The session ends with Mark’s surprise that he managed to handle his mother’s accusations and with the agreement to dedicate ourselves to other episodes as well. After three rewriting sessions, always with role plays, of other episodes, (for example the one in which the mother accuses him of Sandra’s suffering during a period in which she was getting worse) Mark believes less in the idea of being a bad person, he can see how an idea that does not correspond to reality and it is said that he is not really responsible for his sister. Moreover, Mark now masters the sense of guilt: he checks its activation and the intensity he feels in his body and, with these weapons in his hand, I ask him if he wants to put them into practice in his daily life too. Basically I ask him if he wants to plan further activities during the week knowing that at the right time he could have taken the blame instead of giving up. Mark tells me that he agrees and, to my surprise, he tells me that one thing he would like to do is tell his aunt the truth: instead of justifying himself or lying, he would also like to try and tell Sandra that, for example, he won’t be back later the work because he has to go out with colleagues or that he would like to stay out for the night on the weekend and take a little trip. I welcome this idea from Mark and support him, encourage him: I’m sure he can do it even if I expect moments in which guilt will be felt.

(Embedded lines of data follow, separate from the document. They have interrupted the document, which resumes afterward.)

Lemma triple_corr_walsh (u : F) :
  triple_corr B u * #|F|%:R = \sum_mu W mu * W (mu * (1 - u)) * W (mu * u).
Proof.
transitivity (\sum_x \sum_y sgnB B x * sgnB B y *
                \sum_mu W mu * trsign n (mu * (x + u * (y - x)))).
  rewrite mulr_suml; apply: eq_bigr => x _; rewrite mulr_suml.
  by apply: eq_bigr => y _; rewrite -mulrA walsh_inversion.
under eq_bigr do under eq_bigr do rewrite mulr_sumr.
under eq_bigr do rewrite exchange_big.
rewrite exchange_big; apply: eq_bigr => mu _.
rewrite -mulrA big_distrlr mulr_sumr; apply: eq_bigr => x _.
rewrite mulr_sumr; apply: eq_bigr => y _.
have -> : mu * (x + u * (y - x)) = mu * (1 - u) * x + mu * u * y by ring.
by rewrite trsignD // /sgnB /=; ring.
Qed.

End Walsh.

Section ExpSum.
Variable t : nat.

Definition expsum (l : F) : int := \sum_x trsign n (x ^+ t + l * x).

Lemma sum_expsum3 (a b : F) :
  \sum_l expsum l * expsum (l * a) * expsum (l * b) =
  #|F|%:R * \sum_y \sum_z trsign n ((a * y + b * z) ^+ t + y ^+ t + z ^+ t).
Proof.
have expand l : expsum l * expsum (l * a) * expsum (l * b) = \sum_y \sum_z \sum_x
    trsign n (x ^+ t + y ^+ t + z ^+ t) * trsign n ((a * y + b * z + x) * l).
  rewrite -mulrA mulrC big_distrlr mulr_suml; apply: eq_bigr => y _.
  rewrite mulr_suml; apply: eq_bigr => z _; rewrite mulr_sumr; apply: eq_bigr => x _ /=.
  by rewrite -!trsignD //; congr (trsign n _); ring.
under eq_bigr do rewrite expand.
rewrite exchange_big mulr_sumr; apply: eq_bigr => y _.
rewrite exchange_big mulr_sumr; apply: eq_bigr => z _.
rewrite exchange_big; under eq_bigr do rewrite -mulr_sumr sum_trsign_mul //.
by rewrite sum_delta mulrC.
Qed.

Hypotheses (t_gt0 : (0 < t)%N) (coprime_t : coprime t (2 ^ n).-1).

Lemma sum_trsign_pow (c : F) :
  \sum_y trsign n (y ^+ t * c) = if c == 0 then #|F|%:R else 0.
Proof.
have expt_inj : injective (fun y : F => y ^+ t) by apply: expf_inj_coprime; rewrite ?cardF.
rewrite -sum_trsign_mul [RHS](reindex_inj expt_inj) /=.
by apply: eq_bigr => y _; rewrite mulrC.
Qed.

(* For [y = 0] the sum over [z] vanishes since [b ^+ t + 1 != 0]; for
   [y != 0] substitute [z = y w] and sum over [y] first. *)
Lemma sum2_trsign_pow (a b : F) : b ^+ t != 1 ->
  \sum_y \sum_z trsign n ((a * y + b * z) ^+ t + y ^+ t + z ^+ t) =
  #|F|%:R * #|[set w : F | (b * w + a) ^+ t + w ^+ t + 1 == 0]|%:R - #|F|%:R.
Proof.
move=> bt_neq1; rewrite (bigD1 0) //=.
have y0_term z : (a * 0 + b * z) ^+ t + 0 ^+ t + z ^+ t = z ^+ t * (b ^+ t + 1).
  by rewrite expr0n gtn_eqF // mulr0 add0r addr0 exprMn; ring.
rewrite (eq_bigr _ (fun z _ => congr1 (trsign n) (y0_term z))) sum_trsign_pow.
rewrite ifF ?add0r; last by rewrite addr_eq0 oppr_pchar2 // (negbTE bt_neq1).
have subst_z y : y != 0 -> \sum_z trsign n ((a * y + b * z) ^+ t + y ^+ t + z ^+ t) =
    \sum_w trsign n (y ^+ t * ((b * w + a) ^+ t + w ^+ t + 1)).
  move=> y0; rewrite (reindex_inj (mulfI y0)); apply: eq_bigr => w _ /=.
  have -> : a * y + b * (y * w) = y * (b * w + a) by ring.
  by rewrite !exprMn; congr (trsign n _); ring.
have sum_neq0 (c : F) :
    \sum_(y | y != 0) trsign n (y ^+ t * c) = (if c == 0 then #|F|%:R else 0) - 1.
  rewrite -(sum_trsign_pow c) [in RHS](bigD1 0) //= expr0n gtn_eqF // mul0r trsign0.
  by rewrite addrC addrK.
rewrite (eq_bigr _ subst_z) exchange_big /=; under eq_bigr do rewrite sum_neq0.
by rewrite sumrB -big_mkcond /= !sumr_const mulr_natr cardsE; congr (_ - _).
Qed.

End ExpSum.

End Char2.

Lemma cards3P (T : finType) (A : {set T}) :
  reflect (exists x y z, [/\ x != y, y != z, z != x & A = [set x; y; z]]) (#|A| == 3).
Proof.
have card_gt2 (x y z : T) : x != y -> y != z -> z != x -> (2 < #|[set x; y; z]|)%N.
  by move=> xy yz zx; apply/card_gt2P; exists x, y, z; rewrite !inE !eqxx ?orbT.
apply: (iffP eqP) => [A3 | [x [y [z [xy yz zx ->]]]]]; last first.
  apply/eqP; rewrite eqn_leq card_gt2 // andbT.
  apply: leq_trans (leq_card_setU _ _) _; rewrite cards2 cards1 addn1 ltnS.
  by case: (x != y).
have /card_gt2P [x [y [z [[xA yA zA] [xy yz zx]]]]] : (2 < #|A|)%N by rewrite A3.
exists x, y, z; split => //; apply/eqP.
by rewrite eq_sym eqEcard !subUset !sub1set xA yA zA A3 card_gt2.
Qed.

Section AffineOrbit.
Variables (F : finFieldType) (B : {set F}).

Definition affine_maps : {set F * F} := [set ab : F * F | ab.1 != 0].

Definition affine_image (ab : F * F) (S : {set F}) : {set F} :=
  [set ab.1 * x + ab.2 | x in S].

Definition affine_comp (ab0 ab : F * F) : F * F := (ab0.1 * ab.1, ab0.1 * ab.2 + ab0.2).

Definition affine_stab : {set F * F} :=
  [set ab in affine_maps | affine_image ab B == B].

Definition affine_covers (T : {set F}) : {set F * F} :=
  [set ab in affine_maps | T \subset affine_image ab B].

Lemma GA1_orbitE : GA1_orbit B = [set affine_image ab B | ab in affine_maps].
Proof. by []. Qed.

Lemma mem_affine_image (ab : F * F) (S : {set F}) (y : F) : ab.1 != 0 ->
  (y \in affine_image ab S) = ((y - ab.2) / ab.1 \in S).
Proof.
move=> a0; apply/imsetP/idP => [[x xS ->]|yS].
  by rewrite addrK mulrC mulKf.
by exists ((y - ab.2) / ab.1) => //; rewrite mulrC divfK // subrK.
Qed.

Lemma affine_image_comp (ab0 ab : F * F) (S : {set F}) :
  affine_image (affine_comp ab0 ab) S = affine_image ab0 (affine_image ab S).
Proof. by rewrite /affine_image -imset_comp; apply: eq_imset => x /=; ring. Qed.

Lemma affine_image_inj (ab : F * F) : ab.1 != 0 -> injective (affine_image ab).
Proof. by move=> a0; apply: imset_inj => x y /= /addIr /(mulfI a0). Qed.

Moreover, Mark decides to intensify his outings with colleagues and downloads a dating app because he finds it easier to explore the relational and sexual world now that he feels freer to manage his time and, for example, to come home late without having to justify every time. He goes to the gym and thinks he would like to take up some sport, and after a while he opts for tennis. He also takes some Spanish lessons but has realized that evidently he is no longer as passionate about foreign languages as he was as a teenager. This is good because thanks to the experiment he had clearer ideas about his actual preferences than him, so he could decide that he liked tennis, but not learning Spanish. And most importantly, neither goal was pursued by the pursuit of grandeur, he was just exploring whether he enjoyed these activities. He has also discovered that he loves art: he would like to attend painting or theater courses, even if they are in the evening, and he still finds it hard to leave Sandra alone, a sign that his pattern is still partially active. Right now, it makes more sense for him to play tennis early in the morning before going to work.